I'm trying to compute the DTW distances to various queries against many other time series. For each query I run subsequence_search with an array of time series (i.e. an array of arrays):

def getQuerySeriesResults(q, series, additions, minMatchCount, maxMatchCount):
    sa = subsequence_search(q, series, dists_options={'use_c': True})

    best = sa.kbest_matches_fast(k = maxMatchCount)

    return getSearchParameters(best, sa.distances, additions, minMatchCount)

Since I have many queries to compare against time series, this warrants a use case for parallelization, and so I setup a cluster with ipyparallel:

import ipyparallel as ipp

clusterProcessesCount = 4

cluster = ipp.Cluster(n = clusterProcessesCount)
cluster.start_cluster_sync()
rc = cluster.connect_client_sync()
rc.wait_for_engines(clusterProcessesCount)
lview = rc.load_balanced_view()
dview = rc[:]

It works fine when running arbitrary python code:

tests = np.array([1, 2, 3])

def f(test):
    return test

for result in lview.imap(f, tests, ordered = False, max_outstanding = 'auto'):
    print(result)

However, as soon as I invoke sa.kbest_matches_fast inside one of the child processes, I get this exception:

exception calling callback for <AsyncResult(<ipyparallel.serialize.serialize.PrePickled object at 0x7f7e2a170f70>): failed>
Traceback (most recent call last):
  File "/Users/tommedema/opt/anaconda3/lib/python3.9/site-packages/ipyparallel/client/asyncresult.py", line 528, in _resolve_result
    raise r
ipyparallel.error.RemoteError: [0:apply] ValueError: buffer source array is read-only

The entire log can be found here

I could ask in the ipyparallel repo too though the issue seems to only occur with dtaidistance when setting use_c to True and so I am wondering if you might have an idea what is going on here?

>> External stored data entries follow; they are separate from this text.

(* Let $h:[0,r_0]\to[0,\infty)$ be a continuous increasing function with $h(0)=0$ such that $\sum_{n=N}^\infty n\,h\!\left(n^{-n^2}\right)<+\infty$ (for some $N$ with $N^{-N^2}\leq r_0$). Then $\mathcal{H}^h(\mathcal{S})=0$. Moreover, $\mathcal{S}$ contains a dense $G_\delta$ subset of $(0,1)$; in particular $\mathcal{S}$ is uncountable.
   Context: For $\alpha\in(0,1)\setminus\mathbb{Q}$ let $p_s/q_s$ be its continued fraction convergents ($\alpha=[0;a_1,a_2,\dots]$, $q_s=a_sq_{s-1}+q_{s-2}$, $q_0=1$, $q_{-1}=0$). Define $\mathcal{S}=\left\{\alpha\in(0,1)\setminus\mathbb{Q}:\ \limsup_{s\to\infty}\frac{\log q_{s+1}}{q_s^2\log q_s}=+\infty\right\}$. For $E\subset\mathbb{C}$ and $\delta>0$, $\mathcal{H}^h_\delta(E)=\inf\sum_n h(\operatorname{diam}A_n/2)$, the infimum over all countable coverings of $E$ by bounded sets $A_n$ of diameter less than $\delta$; the Hausdorff $h$-measure is $\mathcal{H}^h(E)=\lim_{\delta\to0}\mathcal{H}^h_\delta(E)$. *)

From Stdlib Require Import Reals.
Open Scope R_scope.

(* Gauss-map remainders: x_0 = alpha, x_{s+1} = 1/x_s - floor(1/x_s).
   Int_part r = up r - 1 is the floor of r. *)
Fixpoint cf_rem (alpha : R) (s : nat) : R :=
  match s with
  | O => alpha
  | S s' => let x := cf_rem alpha s' in / x - IZR (Int_part (/ x))
  end.

Definition cf_a_succ (alpha : R) (s : nat) : Z := Int_part (/ cf_rem alpha s).

(* cf_qq alpha s = (q_{s-1}, q_s), with q_{-1} = 0, q_0 = 1,
   q_{s+1} = a_{s+1} q_s + q_{s-1}. *)
Fixpoint cf_qq (alpha : R) (s : nat) : R * R :=
  match s with
  | O => (0, 1)
  | S s' => let (qm, q) := cf_qq alpha s' in
            (q, IZR (cf_a_succ alpha s') * q + qm)
  end.

Definition cf_q (alpha : R) (s : nat) : R := snd (cf_qq alpha s).

Definition irrational (x : R) : Prop :=
  ~ exists (p q : Z), q <> 0%Z /\ x = IZR p / IZR q.

Definition S_set (alpha : R) : Prop :=
  0 < alpha < 1 /\ irrational alpha /\
  forall (M : R) (s0 : nat), exists s : nat, (s0 <= s)%nat /\
     ln (cf_q alpha (S s)) / ((cf_q alpha s) ^ 2 * ln (cf_q alpha s)) > M.

Definition C := (R * R)%type.

Definition cdist (z w : C) : R :=
  sqrt ((fst z - fst w) ^ 2 + (snd z - snd w) ^ 2).

(* d is the diameter of A: least nonnegative bound of pairwise distances
   (so A is bounded; the empty set has diameter 0). *)
Definition is_diam (A : C -> Prop) (d : R) : Prop :=
  0 <= d /\
  (forall z w, A z -> A w -> cdist z w <= d) /\
  (forall d', 0 <= d' -> (forall z w, A z -> A w -> cdist z w <= d') -> d <= d').

(* H^h_delta(E) <= c : for every eta > 0 there is a countable covering of E
   by bounded sets A_n of diameter d_n < delta with sum h(d_n/2) <= c + eta. *)
Definition Hdelta_le (h : R -> R) (delta : R) (E : C -> Prop) (c : R) : Prop :=
  forall eta, 0 < eta ->
  exists (A : nat -> C -> Prop) (d : nat -> R) (l : R),
    (forall n, is_diam (A n) (d n) /\ d n < delta) /\
    (forall z, E z -> exists n, A n z) /\
    infinite_sum (fun n => h (d n / 2)) l /\
    l <= c + eta.

Definition Hausdorff_zero (h : R -> R) (E : C -> Prop) : Prop :=
  forall eps, 0 < eps -> exists delta0, 0 < delta0 /\
    forall delta, 0 < delta < delta0 -> Hdelta_le h delta E eps.

Definition embedC (X : R -> Prop) : C -> Prop :=
  fun z => exists x, X x /\ z = (x, 0).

tommedema commented 2 years ago

I just found that when I disable C ("use_c": False) this error does not occur. However, that defeats the purpose of my performance optimization with parallelization.

If it helps, I can create a minimal reproducible example using Google Collab (though I'm not sure if I can run child processes there). Please let me know and I really appreciate any help on this.

wannesm commented 2 years ago

A minimal reproducible example would be helpful, yes. I do not seem to be able to repeat the error when using ipyparallel. And I can not immediately see where a non-writable view would be created.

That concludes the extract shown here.